Rivers Angels have fired the first major warning shot ahead of the 2025/2026 Nigeria Women’s Football League (NWFL) Premiership season — and it is as direct as it is intimidating: they are not here to compete; they are here to conquer.
Head Coach Tosan Bob Blankson has issued a clear corporate-style mission statement as the new campaign approaches, positioning the Port Harcourt giants as the team to beat. With a composed but assertive tone, Blankson made it clear the objective is non-negotiable.
Read Also: Tobi Amusan’s Remarkable Rebound: Nigerian Hurdles Queen Reclaims Elite Status with Statement Season
“We’re built to win the league,” he declared, sending a league-wide memo that Rivers Angels are entering the new season with a championship-only agenda.
While several clubs across the NWFL are in rebuilding mode, dealing with heavy squad turnover and tactical restructuring, Rivers Angels are stepping into the season with continuity — the most expensive currency in modern football. Blankson confirmed that 80% of last season’s squad remains intact, giving the Angels a competitive advantage in chemistry, cohesion, and tactical identity.
This level of retention is rare in Nigerian football. It signals an organisation operating with a long-term blueprint rather than short-term emotional fixes.

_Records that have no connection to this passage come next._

(** * Height-preserving admissibility of covers *)

Definition provable_within (G D : list form) (h : nat) : Prop :=
  exists h', h' <= h /\ cproof G D h'.

Lemma provable_within_mono G D n m :
  n <= m -> provable_within G D n -> provable_within G D m.
Proof. intros Hnm [k [Hk Hp]]. exists k. split; [lia | exact Hp]. Qed.

Lemma provable_within_rule1 G1 D1 G D n m :
  (forall k, cproof G1 D1 k -> cproof G D (S k)) ->
  provable_within G1 D1 n -> S n <= m -> provable_within G D m.
Proof. intros R [k [Hk Hp]] Hm. exists (S k). split; [lia | exact (R k Hp)]. Qed.

Lemma provable_within_rule2 G1 D1 G2 D2 G D n1 n2 m :
  (forall k1 k2, cproof G1 D1 k1 -> cproof G2 D2 k2 -> cproof G D (S (max k1 k2))) ->
  provable_within G1 D1 n1 -> provable_within G2 D2 n2 -> S (max n1 n2) <= m ->
  provable_within G D m.
Proof.
  intros R [k1 [Hk1 Hp1]] [k2 [Hk2 Hp2]] Hm. exists (S (max k1 k2)).
  split; [lia | exact (R k1 k2 Hp1 Hp2)].
Qed.

Lemma drop_bot_r_axiom G D D1 :
  is_axiom G D -> Permutation D (Bot :: D1) -> D1 <> [] -> provable_within G D1 2.
Proof.
  intros [HT | [A [HA [HG HD]]]] HP HD1.
  - exists 1. split; [lia |]. apply cp_ax. left.
    destruct (Permutation_in _ HP HT) as [E | HT1]; [discriminate | exact HT1].
  - destruct (Permutation_in _ HP HD) as [<- | HA1].
    + destruct D1 as [| Y D2]; [contradiction |]. exists 2. split; [lia |].
      apply (cp_botR _ _ D2 Y); [reflexivity |].
      apply cp_ax. right. exists Bot. simpl. auto.
    + exists 1. split; [lia |]. apply cp_ax. right. exists A. auto.
Qed.

Definition cover_admissible_at (h : nat) : Prop :=
  forall G D G' D', cproof G D h -> covered G D G' D' -> provable_within G' D' h.

Lemma cover_axiom G D G' D' :
  is_axiom G D -> covered G D G' D' -> provable_within G' D' 1.
Proof.
  intros Hax Hcov. exists 1. split; [lia | exact (cp_ax _ _ (is_axiom_covered _ _ _ _ Hax Hcov))].
Qed.

Ltac solve_cover :=
  unfold covered; simpl; repeat split;
  eauto 7 using Forall, left_covered, right_covered, in_eq, in_cons.

Section CoverStep.

Variable h : nat.
Hypothesis IH : forall n, n < h -> cover_admissible_at n.

Lemma drop_bot_r G D D1 k : cproof G D k -> k <= h ->
  Permutation D (Bot :: D1) -> D1 <> [] -> provable_within G D1 (S k).
Proof.
  intros Hp. revert D1.
  induction Hp as [G D Hax | G D D0 X n HP Hq IHq | G D G0 B C n HP Hq IHq
    | G D G0 B C n m HP Hq1 IHq1 Hq2 IHq2 | G D D0 B C n m HP Hq1 IHq1 Hq2 IHq2
    | G D D0 B C n HP Hq IHq | G D G0 B C n m HP Hq1 IHq1 Hq2 IHq2 | G D D0 B C n HP Hq IHq
    | G D G0 P t n HP Hq IHq | G D D0 P t n HP Hq IHq | G D G0 B c n HP HF Hq IHq
    | G D D0 B c n HP HF Hq IHq];
    intros D1 Hk HD HD1;
    try (destruct (Permutation_cons_cons_inv _ _ _ _ (perm_trans (Permutation_sym HP) HD))
      as [[E HD0] | [D3 [HD0 HD3]]]; [try discriminate E |]).
  - apply (provable_within_mono _ _ 2); [lia | exact (drop_bot_r_axiom _ _ _ Hax HD HD1)].
  - subst X. apply (provable_within_mono _ _ (S n)); [lia |].
    exact (IHq D1 ltac:(lia) (perm_skip Bot HD0) HD1).
  - (* contract the two copies of [Bot] in the premise *)
    apply (provable_within_rule1 _ _ _ _ n _ (fun k => cp_botR _ _ _ _ k HD3)); [| lia].
    apply (IH n ltac:(lia) _ _ _ _ Hq), covered_incl; [apply incl_refl |].
    apply incl_cons; [apply in_eq | intros A HA; exact (Permutation_in _ HD0 HA)].
  - apply (provable_within_rule1 _ _ _ _ _ _ (fun k => cp_andL _ _ _ _ _ k HP)
      (IHq D1 ltac:(lia) HD HD1)); lia.
  - apply (provable_within_rule2 _ _ _ _ _ _ _ _ _ (fun k1 k2 => cp_orL _ _ _ _ _ k1 k2 HP)
      (IHq1 D1 ltac:(lia) HD HD1) (IHq2 D1 ltac:(lia) HD HD1)); lia.
  - apply (provable_within_rule2 _ _ _ _ _ _ _ _ _ (fun k1 k2 => cp_andR _ _ _ _ _ k1 k2 HD3)
      (IHq1 (B :: D3) ltac:(lia) (Permutation_cons_under B HD0) ltac:(discriminate))
      (IHq2 (C :: D3) ltac:(lia) (Permutation_cons_under C HD0) ltac:(discriminate))); lia.
  - apply (provable_within_rule1 _ _ _ _ _ _ (fun k => cp_orR _ _ _ _ _ k HD3)
      (IHq (B :: C :: D3) ltac:(lia)
        (Permutation_cons_under B (Permutation_cons_under C HD0)) ltac:(discriminate))); lia.
  - apply (provable_within_rule2 _ _ _ _ _ _ _ _ _ (fun k1 k2 => cp_impL _ _ _ _ _ k1 k2 HP)
      (IHq1 (B :: D1) ltac:(lia) (Permutation_cons_under B HD) ltac:(discriminate))
      (IHq2 D1 ltac:(lia) HD HD1)); lia.
  - apply (provable_within_rule1 _ _ _ _ _ _ (fun k => cp_impR _ _ _ _ _ k HD3)
      (IHq (C :: D3) ltac:(lia) (Permutation_cons_under C HD0) ltac:(discriminate))); lia.
  - apply (provable_within_rule1 _ _ _ _ _ _ (fun k => cp_allL _ _ _ _ _ k HP)
      (IHq D1 ltac:(lia) HD HD1)); lia.
  - apply (provable_within_rule1 _ _ _ _ _ _ (fun k => cp_exR _ _ _ _ t k HD3)
      (IHq (Ex P :: inst P t :: D3) ltac:(lia)
        (Permutation_cons_under _ (Permutation_cons_under _ HD0)) ltac:(discriminate))); lia.
  - pose proof (fresh_in_perm_tail_r _ _ _ _ _ HD HF) as HF1.
    apply (provable_within_rule1 _ _ _ _ _ _ (fun k => cp_exL _ _ _ _ _ k HP HF1)
      (IHq D1 ltac:(lia) HD HD1)); lia.
  - pose proof (fresh_in_perm_tail_r _ _ _ _ _ HD HF) as HF1.
    apply (provable_within_rule1 _ _ _ _ _ _ (fun k => cp_allR _ _ _ _ _ k HD3 HF1)
      (IHq (inst B (Fn c []) :: D3) ltac:(lia) (Permutation_cons_under _ HD0)
        ltac:(discriminate))); lia.
Qed.

Lemma cover_within G D G' D' n m :
  n < h -> n <= m -> cproof G D n -> covered G D G' D' -> provable_within G' D' m.
Proof. intros Hn Hm Hp Hc. exact (provable_within_mono _ _ _ _ Hm (IH n Hn _ _ _ _ Hp Hc)). Qed.

Lemma cover_botR G D D0 X G' D' n : Permutation D (X :: D0) ->
  cproof G (Bot :: D0) n -> n < h -> covered G D G' D' -> provable_within G' D' (S n).
Proof.
  intros HP Hq Hn Hcov. apply (covered_perm _ _ _ _ _ _ (Permutation_refl G) HP) in Hcov.
  (* [X] may be covered without occurring in [D'], so ⊥-R cannot be replayed;
     prove [G' --> Bot :: D'] instead and remove [Bot]. *)
  pose proof (right_covered_nonempty _ _ _ (Forall_inv (proj2 Hcov))) as HD'.
  destruct (IH n Hn _ _ G' (Bot :: D') Hq) as [n1 [Hn1 Hq1]].
  - apply (covered_skip_r X _ _ _ _ [] [Bot]); [| solve_cover].
    eapply covered_weaken; [exact Hcov | apply incl_refl | apply incl_tl, incl_refl].
  - apply (provable_within_mono _ _ (S n1)); [lia |].
    exact (drop_bot_r _ _ _ _ Hq1 ltac:(lia) (Permutation_refl _) HD').
Qed.

Lemma cover_andL G D G0 B C G' D' n : Permutation G (And B C :: G0) ->
  cproof (B :: C :: G0) D n -> n < h -> covered G D G' D' -> provable_within G' D' (S n).
Proof.
  intros HP Hq Hn Hcov. apply (covered_perm _ _ _ _ _ _ HP (Permutation_refl D)) in Hcov.
  destruct (left_covered_and_inv _ _ _ _ (Forall_inv (proj1 Hcov))) as [Hin | [HB HC]].
  - destruct (in_perm _ _ Hin) as [G0' HG'].
    apply (provable_within_rule1 _ _ _ _ n _ (fun k => cp_andL _ _ _ _ _ k HG')); [| lia].
    apply (IH n Hn _ _ _ _ Hq), (covered_replay_l _ _ _ _ _ _ [B; C] [] HG' Hcov).
    solve_cover.
  - apply (cover_within _ _ _ _ n (S n) Hn ltac:(lia) Hq),
      (covered_skip_l _ _ _ _ _ [B; C] [] Hcov). solve_cover.
Qed.

Lemma cover_orL G D G0 B C G' D' n m : Permutation G (Or B C :: G0) ->
  cproof (B :: G0) D n -> cproof (C :: G0) D m -> n < h -> m < h ->
  covered G D G' D' -> provable_within G' D' (S (max n m)).
Proof.
  intros HP Hq1 Hq2 Hn Hm Hcov.
  apply (covered_perm _ _ _ _ _ _ HP (Permutation_refl D)) in Hcov.
  destruct (left_covered_or_inv _ _ _ _ (Forall_inv (proj1 Hcov))) as [Hin | [HB | HC]].
  - destruct (in_perm _ _ Hin) as [G0' HG'].
    apply (provable_within_rule2 _ _ _ _ _ _ n m _ (fun k1 k2 => cp_orL _ _ _ _ _ k1 k2 HG'));
      [| | lia].
    + apply (IH n Hn _ _ _ _ Hq1), (covered_replay_l _ _ _ _ _ _ [B] [] HG' Hcov). solve_cover.
    + apply (IH m Hm _ _ _ _ Hq2), (covered_replay_l _ _ _ _ _ _ [C] [] HG' Hcov). solve_cover.
  - apply (cover_within _ _ _ _ n (S (max n m)) Hn ltac:(lia) Hq1),
      (covered_skip_l _ _ _ _ _ [B] [] Hcov). solve_cover.
  - apply (cover_within _ _ _ _ m (S (max n m)) Hm ltac:(lia) Hq2),
      (covered_skip_l _ _ _ _ _ [C] [] Hcov). solve_cover.
Qed.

“There’s a strong structure in the club,” Blankson added. “Even if outsiders don’t rate the team as favourites, the management, coaching crew, and players do.”

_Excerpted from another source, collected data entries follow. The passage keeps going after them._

Lemma hausdorff_enveloping :
  hausdorff_space W -> (forall g, closed (D g)) -> hausdorff_space WG.
Proof.
move=> hW cD; rewrite open_hausdorff => a b.
rewrite -[a]reprK -[b]reprK; case: (repr a) (repr b) => g y [h z] /eqP ab.
have nRyz : ~ R (g, y) (h, z) by move/env_piP.
have [Dy|nDy] := pselect (D (mul (inv g) h) y); last first.
  exists (env_image g (~` D (mul (inv g) h)), env_image h setT).
    by rewrite !inE; split; [exists y|exists z].
  split; [exact/open_env_image/closed_openC|exact/open_env_image/openT|].
  by apply/eqP/env_images_disjoint => u v Du _ [].
set k := mul (inv h) g.
have actyz : act k y != z by apply/eqP => actyz; apply: nRyz.
move: hW; rewrite open_hausdorff => /(_ _ _ actyz) [[A B] /=].
rewrite !inE => -[Ay Bz] [oA oB AB0].
exists (env_image g (D (inv k) `&` act k @^-1` A), env_image h B).
  by rewrite !inE; split; [exists y; first split; rewrite ?(grp_invVM grpG)|exists z].
split; [exact/open_env_image/(pa_open_preimage paW)|exact: open_env_image|].
apply/eqP/env_images_disjoint => u v [_ Au] Bv [_ /= actuv].
have ABv : (A `&` B) v by split => //; rewrite -actuv.
by move: ABv; rewrite AB0.
Qed.

Lemma continuous_env_pi_pair (Z : topologicalType) (c : Z -> W) g :
  continuous c -> continuous (fun z => \pi_WG (g, c z)).
Proof.
move=> cc z A nA.
have [[P1 P2] /= [P1g P2cz] P12A] :=
  @pi_continuous _ (env_classes mul inv D act) (g, c z) A nA.
have P2c : nbhs z (c @^-1` P2) := cc z P2 P2cz.
apply: (filterS _ P2c) => z' P2z'.
by apply: (P12A (g, c z')); split; first exact: nbhs_singleton.
Qed.

Lemma closed_dom_preimage (Z : topologicalType) (c : Z -> W) (t : Z -> Z) g :
  compact [set: Z] -> hausdorff_space WG -> continuous c ->
  {in c @^-1` D g, forall z, act (inv g) (c z) = c (t z)} ->
  closed (c @^-1` D g).
Proof.
move=> cptZ hWG cc act_c y clDy.
pose F := within (c @^-1` D g) (nbhs y).
have PF : ProperFilter F by exact: within_nbhs_proper.
have [z [_ clz]] := cptZ (t @ F) _ filterT.
pose phi z' := \pi_WG (e, c z'); pose psi z' := \pi_WG (g, c z').
have phi_psi y' : D g (c y') -> phi y' = psi (t y').
  move=> Dy'; apply/env_piP; split => /=.
    by rewrite (grp_inv1 grpG) (grp_mul1g grpG).
  by rewrite (grp_mulg1 grpG) act_c // inE.
have : phi y = psi z.
  apply: hWG => A B Ay Bz.
  have phiA : nbhs y (phi @^-1` A) := continuous_env_pi_pair (g := e) cc Ay.
  have psiB : nbhs z (psi @^-1` B) := continuous_env_pi_pair (g := g) cc Bz.
  have FA : F (c @^-1` D g `&` phi @^-1` A) by apply: (filterS _ phiA) => y' ? ?.
  have tFA : (t @ F) (t @` (c @^-1` D g `&` phi @^-1` A)).
    by apply: (filterS _ FA) => y' ?; exists y'.
  have [_ [[y' [Dy' Ay'] <-] Bty']] := clz _ _ tFA psiB.
  by exists (phi y'); split; rewrite // phi_psi.
case/env_piP => /=.
by rewrite (grp_inv1 grpG) (grp_mul1g grpG).
Qed.
End EnvelopingSpace.

Section CompactOpen.
Variables X Y : topologicalType.

Lemma open_CO_preimage (A : set {compact-open, X -> Y}) :
  open A -> open [set f : CO X Y | A f].
Proof. by move=> oA; exists A. Qed.

Lemma open_CO_subbasic (K : set X) (O : set Y) :
  compact K -> open O -> open [set f : CO X Y | f @` K `<=` O].
Proof. by move=> cK oO; exact: open_CO_preimage (compact_open_open cK oO). Qed.

Lemma hausdorff_CO : hausdorff_space Y -> hausdorff_space (CO X Y).
Proof.
move=> hY; rewrite open_hausdorff => f f' /eqP ff'.
have [x fx] : exists x, f x != f' x.
  apply: contrapT => nfx; apply/ff'/continuousEP => x.
  by apply/eqP/negPn/negP => fx'; apply: nfx; exists x.
move: hY; rewrite open_hausdorff => /(_ _ _ fx) [[A B] /=].
rewrite !inE => -[Ax Bx] [oA oB AB0].
exists ([set g : CO X Y | g @` [set x] `<=` A],
        [set g : CO X Y | g @` [set x] `<=` B]).
  by rewrite /= !inE; split => _ [_ -> <-].
split; first exact: (open_CO_subbasic (@compact_set1 _ x) oA).
  exact: (open_CO_subbasic (@compact_set1 _ x) oB).
apply/eqP/seteqP; split => // g [gA gB].
have : (A `&` B) (g x) by split; [apply: gA|apply: gB]; exists x.
by rewrite AB0.
Qed.

Definition cst_CO (y : Y) : CO X Y := cst y.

That internal alignment — from technical bench to boardroom — is the fuel elite teams run on.
Unlike clubs aiming merely for a playoff slot, Rivers Angels are laser-focused on a bigger target. Blankson didn’t flinch when asked about his season ambition: Win the Super 6. Not qualify. Not challenge. Win it.
The message is clear: while others aim to arrive, Rivers Angels aim to dominate.

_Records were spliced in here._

(* Define $f:[0,1]\to\mathbb{R}$ by $f(0)=0$ and, for each $n\in\mathbb{N}$ (with $\mathbb{N}=\{1,2,\dots\}$), $$f(t)=\begin{cases}\frac{1}{n+1}-(2n+1)\left(t-\frac{1}{n+1}\right), & t\in\left[\frac{1}{n+1},\frac{2}{2n+1}\right],\\ (2n+1)\left(t-\frac{2}{2n+1}\right), & t\in\left[\frac{2}{2n+1},\frac1n\right].\end{cases}$$ Then $f$ is well defined and continuous, $\sup\{|f(x)-f(y)|:x,y\in[0,1]\}=1$, and the function $\delta:[0,1)\to[0,\infty)$, $\delta(\epsilon)=\inf\{|x-y| : x,y\in[0,1],\ |f(x)-f(y)|\ge\epsilon\}$, satisfies, for every integer $n\ge 2$, $$\delta(1/n)=\frac{1}{n(2n+1)}<\frac{1}{n(2n-1)}\le\delta(\epsilon)\quad\text{for all }\epsilon\in(1/n,1).$$ In particular $\delta$ is discontinuous at each point $1/n$, $n\ge2$. *)

From Stdlib Require Import Reals Lra ClassicalEpsilon.
Open Scope R_scope.

Definition spec_f (f : R -> R) : Prop :=
  f 0 = 0 /\
  forall n : nat, (1 <= n)%nat ->
    (forall t, / (INR n + 1) <= t <= 2 / (2 * INR n + 1) ->
       f t = / (INR n + 1) - (2 * INR n + 1) * (t - / (INR n + 1))) /\
    (forall t, 2 / (2 * INR n + 1) <= t <= / INR n ->
       f t = (2 * INR n + 1) * (t - 2 / (2 * INR n + 1))).

Definition unit_interval (x : R) : Prop := 0 <= x <= 1.

Definition osc_set (f : R -> R) (s : R) : Prop :=
  exists x y, unit_interval x /\ unit_interval y /\ s = Rabs (f x - f y).

Definition dist_set (f : R -> R) (eps : R) (d : R) : Prop :=
  exists x y, unit_interval x /\ unit_interval y /\
    Rabs (f x - f y) >= eps /\ d = Rabs (x - y).

Definition is_glb (E : R -> Prop) (m : R) : Prop :=
  (forall x, E x -> m <= x) /\ (forall b, (forall x, E x -> b <= x) -> b <= m).

(* delta(eps) = inf dist_set f eps (chosen by Hilbert's epsilon; meaningful
   whenever the infimum exists, which the theorem asserts for eps in [0,1)). *)
Definition delta (f : R -> R) (eps : R) : R :=
  epsilon (inhabits 0) (fun m => is_glb (dist_set f eps) m).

With the new NWFL regulation that will see six teams relegated this season, pressure has intensified across the competition. But the Angels’ camp remains unfazed. Blankson’s response was blunt and loaded with confidence:
“Rivers Angels doesn’t know what is called relegation. I may not know who is winning the trophy for now, but I can tell those that are going home.”
This is a club built on pedigree, not panic. Relegation is a vocabulary that simply doesn’t exist in their playbook.
Blankson also credited the club’s management for providing rare administrative stability and financial discipline — a backbone many women’s clubs in Nigeria struggle to maintain. It is this off-field governance maturity that supports the on-field winning machinery.
Inside the camp, the energy is aligned. Players are locked in. Coaches are clear on the assignment. Management is backing the project with structure, not sentiment.
He reserved special praise for the club’s loyal supporters, describing them as the “extra strength” behind the team’s drive and resilience — and expects their impact to remain a defining competitive edge this season.
Rivers Angels look settled. They look organised. And more importantly — they look hungry.
No noise, no hype — just a well-built strategy backed by belief, structure, and squad quality.
If Blankson’s tone is a preview of the season ahead, then the NWFL should brace for a ruthless, highly-disciplined title charge from Port Harcourt.